We should keep in mind Amdahl’s law kicking in - speedup of a program using multiple processors in parallel computing is limited by the sequential fraction of the program (amended to include) "plus the parallel book-keeping overhead". The second programming paradigm research goes into exascale Runtime Parallelism where we are limited by systemic challenges of utilization, data movement cost, load imbalance, fault tolerance and scalability. There are 2 schools of thought to address this problem - Evolutionary and Revolutionary (Courtesy Intel). Up until today we have programmed massively parallel programs using OpenMP pragmas + MPI for message passing (popularly referred to as MPI+X). The model worked very well despite some MPI complexity. However there is a fundamental problem with MPI when moving to exascale - it assumes the node to which the message has been passed to is available and the underlying interface is resilient and fault tolerant. At exascale the number of cores are going to be in the order of millions and the number/frequency of soft errors would be tremendous making the model of availability of a node assumed by MPI null and void. Programming with MPI at extreme scale would also be tedious given its programming model (more on this here). There have been various attempts at solving this using revolutionary programming models, most mature of which is CHARM++ from Sanjay Kale's research group at UIUC. CHARM++ is a message-driven execution model supporting an actors programming model. Charm++ uses over-decomposition with concurrent schedulers that exploit parallel slackness to keep the load balanced (and hide latency) and relocatable data-block and objects plus local checkpointing and message logging to support resilience. Tim himself is at the front of one of the other revolutionary efforts called Open Community Runtime(OCR). Notable mentions include PGAS, Grappa, Legion, etc.

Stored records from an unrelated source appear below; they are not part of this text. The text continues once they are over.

(* Let $n_0$ be a positive integer and let $X$ be a semiprime complex Banach algebra with identity. Let $\phi,\psi:X^2\to[0,\infty)$ and $f:X\to X$ with $f(0)=0$ satisfy $$\|f(xyx)-f(x)yx-xf(y)x-xyf(x)\|\le\psi(x,y),$$ $$\|f(2\mu x+\mu y)+f(\mu x+2\mu y)-\mu[f(3x)+f(3y)]\|\le\phi(x,y)$$ for all $x,y\in X$ and all $\mu\in\mathbb{T}^1_{n_0}$. Assume there exists $0<L<1$ such that for all $x,y\in X$ $$\tfrac12\phi(2x,2y)\le L\phi(x,y),\qquad \lim_{k\to\infty}8^{-k}\psi(2^kx,2^ky)=0,\qquad \lim_{k\to\infty}4^{-k}\psi(2^kx,y)=0.$$ Then $f$ is a linear derivation.
   Context: $\mathbb{T}^1_{n_0}:=\{e^{i\theta}: 0\le\theta\le 2\pi/n_0\}$. An algebra $X$ is semiprime if $aXa=\{0\}$ for some $a\in X$ implies $a=0$. A linear derivation is a $\mathbb{C}$-linear map $D:X\to X$ with $D(xy)=D(x)y+xD(y)$ for all $x,y\in X$. *)

From HB Require Import structures.
From mathcomp Require Import all_boot all_order all_algebra.
From mathcomp Require Import all_classical all_reals all_analysis.
From mathcomp Require Import complex.
Set Implicit Arguments. Unset Strict Implicit. Unset Printing Implicit Defensive.
Import Order.TTheory GRing.Theory Num.Theory.
Import numFieldNormedType.Exports.
Local Open Scope ring_scope.

(* Banach algebra with identity over a numeric field K: a complete normed
   K-module X equipped with an associative, K-bilinear multiplication with a
   (nonzero) identity element, whose norm is submultiplicative.
   (The multiplication is given as a mixin on top of CompleteNormedModule,
   because Hierarchy-Builder does not accept a join of GRing.Algebra with
   NormedModule.) *)
HB.mixin Record CompleteNormedModule_isBanachAlgebra (K : numFieldType) X
  of CompleteNormedModule K X := {
  bamul : X -> X -> X;
  baone : X;
  bamulA : forall x y z : X, bamul x (bamul y z) = bamul (bamul x y) z;
  bamul1l : forall x : X, bamul baone x = x;
  bamul1r : forall x : X, bamul x baone = x;
  bamulDl : forall x y z : X, bamul (x + y) z = bamul x z + bamul y z;
  bamulDr : forall x y z : X, bamul x (y + z) = bamul x y + bamul x z;
  bamulZl : forall (a : K) (x y : X), bamul (a *: x) y = a *: bamul x y;
  bamulZr : forall (a : K) (x y : X), bamul x (a *: y) = a *: bamul x y;
  baone_neq0 : baone != 0;
  banormM : forall x y : X, `|bamul x y| <= `|x| * `|y|
}.

#[short(type="banachAlgType")]
HB.structure Definition BanachAlgebra (K : numFieldType) :=
  { X of CompleteNormedModule_isBanachAlgebra K X & CompleteNormedModule K X }.

Notation "x ** y" := (bamul x y) (at level 40, left associativity) : ring_scope.

Definition semiprime (K : numFieldType) (X : banachAlgType K) : Prop :=
  forall a : X, (forall x : X, a ** x ** a = 0) -> a = 0.

Definition circle_arc (R : realType) (n0 : nat) : set R[i] :=
  [set mu | exists theta : R,
     0 <= theta <= 2 * pi / n0%:R /\ mu = (cos theta +i* sin theta)%C].

Definition linear_derivation (K : numFieldType) (X : banachAlgType K)
  (D : X -> X) : Prop :=
  (forall (a : K) (x y : X), D (a *: x + y) = a *: D x + D y) /\
  (forall x y : X, D (x ** y) = D x ** y + x ** D y).

(* Taking mu = 1, the decay of 4^-k psi(2^k x, y) shows that f(z) is the limit
   of 4^-k f(4^k z) - c_k z - z c_k with c_k = 2^-k f(2^k 1). These terms cancel
   in f(2x+y) + f(x+2y) - f(3x) - f(3y), while phi(4^k x, 4^k y) grows at most
   like (4 L^2)^k, so f satisfies that Jensen-type equation exactly and is
   additive. The contraction of phi then forces f(mu x) = mu f(x) on the arc;
   powers, inverses and sums of arc points (cos t = (e^it + e^-it)/2) reach
   every complex scalar, so f is C-linear. Linearity turns the psi bound into
   the identity f(xyx) = f(x)yx + xf(y)x + xyf(x), and by Bresar's theorem a
   Jordan triple derivation of a semiprime algebra without 2-torsion is a
   derivation: Herstein's identities show that d(a,b) = f(ab) - f(a)b - af(b)
   annihilates all commutators, hence is central and nilpotent, hence zero. *)

From HB Require Import structures.
From mathcomp Require Import all_boot all_order all_algebra.
From mathcomp Require Import all_classical all_reals all_analysis.
From mathcomp Require Import complex.
From mathcomp Require Import ring lra.
Import Order.TTheory GRing.Theory Num.Theory.
Import numFieldNormedType.Exports.
Set Implicit Arguments. Unset Strict Implicit. Unset Printing Implicit Defensive.
Local Open Scope ring_scope.

Inductive zexpr := ZAtom of nat | ZAdd of zexpr & zexpr | ZOpp of zexpr | ZZero.

Section AbelianGroupReflection.
Variable V : zmodType.

Fixpoint zeval (env : seq V) (e : zexpr) : V :=
  match e with
  | ZAtom n => nth 0 env n
  | ZAdd a b => zeval env a + zeval env b
  | ZOpp a => - zeval env a
  | ZZero => 0
  end.

Fixpoint zcoef (e : zexpr) (i : nat) : int :=
  match e with
  | ZAtom n => (n == i)%:Z
  | ZAdd a b => zcoef a i + zcoef b i
  | ZOpp a => - zcoef a i
  | ZZero => 0
  end.

Lemma zeval_sum env e :
  zeval env e = \sum_(i < size env) nth 0 env i *~ zcoef e i.
Proof.
elim: e => [n|a iha b ihb|a iha|] /=.
- have [n_lt|n_ge] := ltnP n (size env); last first.
    rewrite nth_default // big1 // => j _.
    by rewrite gtn_eqF ?mulr0z // (leq_trans (ltn_ord j)).
  rewrite (bigD1 (Ordinal n_lt)) //= eqxx mulr1z big1 ?addr0 // => j.
  by rewrite -val_eqE eq_sym /= => /negbTE ->.
- by rewrite iha ihb -big_split; apply: eq_bigr => i _; rewrite mulrzDr.
- by rewrite iha -sumrN; apply: eq_bigr => i _; rewrite mulrNz.
- by rewrite big1 // => i _; rewrite mulr0z.
Qed.

Lemma zeval_eq env e1 e2 n : size env = n ->
  all (fun i => zcoef e1 i == zcoef e2 i) (iota 0 n) ->
  zeval env e1 = zeval env e2.
Proof.
move=> <- /allP coefE; rewrite !zeval_sum; apply: eq_bigr => i _.
by rewrite (eqP (coefE i _)) // mem_iota /=.
Qed.
End AbelianGroupReflection.

(* Atoms are compared up to unification: the same term may be reached
   through syntactically different structure instances. *)
Ltac zindex x l :=
  match l with
  | ?y :: _ => let _ := constr:(ltac:(unify x y; exact tt) : unit) in constr:(0%N)
  | _ :: ?l' => let n := zindex x l' in constr:(n.+1)
  end.

Ltac zatoms t l :=
  match t with
  | ?a + ?b => let l' := zatoms a l in zatoms b l'
  | - ?a => zatoms a l
  | 0 => l
  | _ => match l with
         | _ => let _ := zindex t l in l
         | _ => constr:(t :: l)
         end
  end.

Ltac zsize l :=
  match l with
  | nil => constr:(0%N)
  | _ :: ?l' => let n := zsize l' in constr:(n.+1)
  end.

Ltac zreify t l :=
  match t with
  | ?a + ?b =>
      let ra := zreify a l in let rb := zreify b l in constr:(ZAdd ra rb)
  | - ?a => let ra := zreify a l in constr:(ZOpp ra)
  | 0 => constr:(ZZero)
  | _ => let n := zindex t l in constr:(ZAtom n)
  end.

(* Decides equalities between Z-linear combinations of arbitrary atoms. *)
Ltac abel :=
  match goal with
  | |- @eq ?V ?lhs ?rhs =>
    let l0 := zatoms lhs (@nil V) in
    let l := zatoms rhs l0 in
    let e1 := zreify lhs l in
    let e2 := zreify rhs l in
    change (@zeval V l e1 = @zeval V l e2);
    let n := zsize l in
    apply: (@zeval_eq V l e1 e2 n); [reflexivity | vm_compute; reflexivity]
  end.

Lemma eq_using (V : zmodType) (l r g1 g2 : V) : l = r -> g1 - l + r = g2 -> g1 = g2.
Proof. by move=> ->; rewrite subrK. Qed.

Ltac add_eq h := move: (h) => /eq_using; apply.

Section NatDivision.
Variables (K : numFieldType) (V : lmodType K).

Lemma natmul_eq0 n (v : V) : (0 < n)%N -> v *+ n = 0 -> v = 0.
Proof.
move=> n_gt0 /eqP; rewrite -scaler_nat scaler_eq0 pnatr_eq0.
by rewrite gtn_eqF //= => /eqP.
Qed.

Lemma natmul_onto n (v : V) : (0 < n)%N -> exists w : V, v = w *+ n.
Proof.
move=> n_gt0; exists (n%:R^-1 *: v).
by rewrite -scaler_nat scalerA mulfV ?scale1r // pnatr_eq0 gtn_eqF.
Qed.

Lemma double_eq0 (v : V) : v + v = 0 -> v = 0.
Proof. by rewrite -mulr2n; apply: natmul_eq0. Qed.

End NatDivision.

(** * Jordan triple derivations of semiprime algebras *)

Section BanachAlgebraRing.
Variables (K : numFieldType) (X : banachAlgType K).
Implicit Types x y z : X.

Lemma bamul0l x : 0 ** x = 0 :> X.
Proof. by apply: (@addrI _ (0 ** x)); rewrite -bamulDl !addr0. Qed.

Lemma bamul0r x : x ** 0 = 0 :> X.
Proof. by apply: (@addrI _ (x ** 0)); rewrite -bamulDr !addr0. Qed.

Lemma bamulNl x y : (- x) ** y = - (x ** y).
Proof. by apply/eqP; rewrite -subr_eq0 opprK -bamulDl addNr bamul0l. Qed.

Lemma bamulNr x y : x ** (- y) = - (x ** y).
Proof. by apply/eqP; rewrite -subr_eq0 opprK -bamulDr addNr bamul0r. Qed.

Lemma bamulBl x y z : (x - y) ** z = x ** z - y ** z.
Proof. by rewrite bamulDl bamulNl. Qed.

Lemma bamulBr x y z : z ** (x - y) = z ** x - z ** y.
Proof. by rewrite bamulDr bamulNr. Qed.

We should also warn the revolutionary brigade about MPI and OpenMP being moving targets. The evolutionary company are releasing OpenMP 4.0 and MPI3 which are supposed to bring a sea of changes targeted to fix their weakness. These will see easy adoption in the user community due to its programming familiarity and proven stability.
Various government (U.S. Dept Of Energy FastForward project), private research institutes and multinational corporations (NVIDIA, Intel, IBM) are working on these problems. I have just merely scratched the surface of the problems in systems design and engineering in computers. There is a whole lot more action going on out there that I have left out intentionally (due to the article length constraint) or unintentionally (that I may not be aware of). Do leave your comments here or on Hacker News about your take on this. But one thing is for certain, there needs to be radical innovations in hardware and software for exascale.
2. This question of do we HAVE applications that will use exascale deserves a separate article by itself and it has many challenges and opportunities by itself. We have always used the MP-LINPACK ideal scaling benchmark but most real applications don’t look anything like MP-LINPACK. I will reserve this for a part 2 of this article.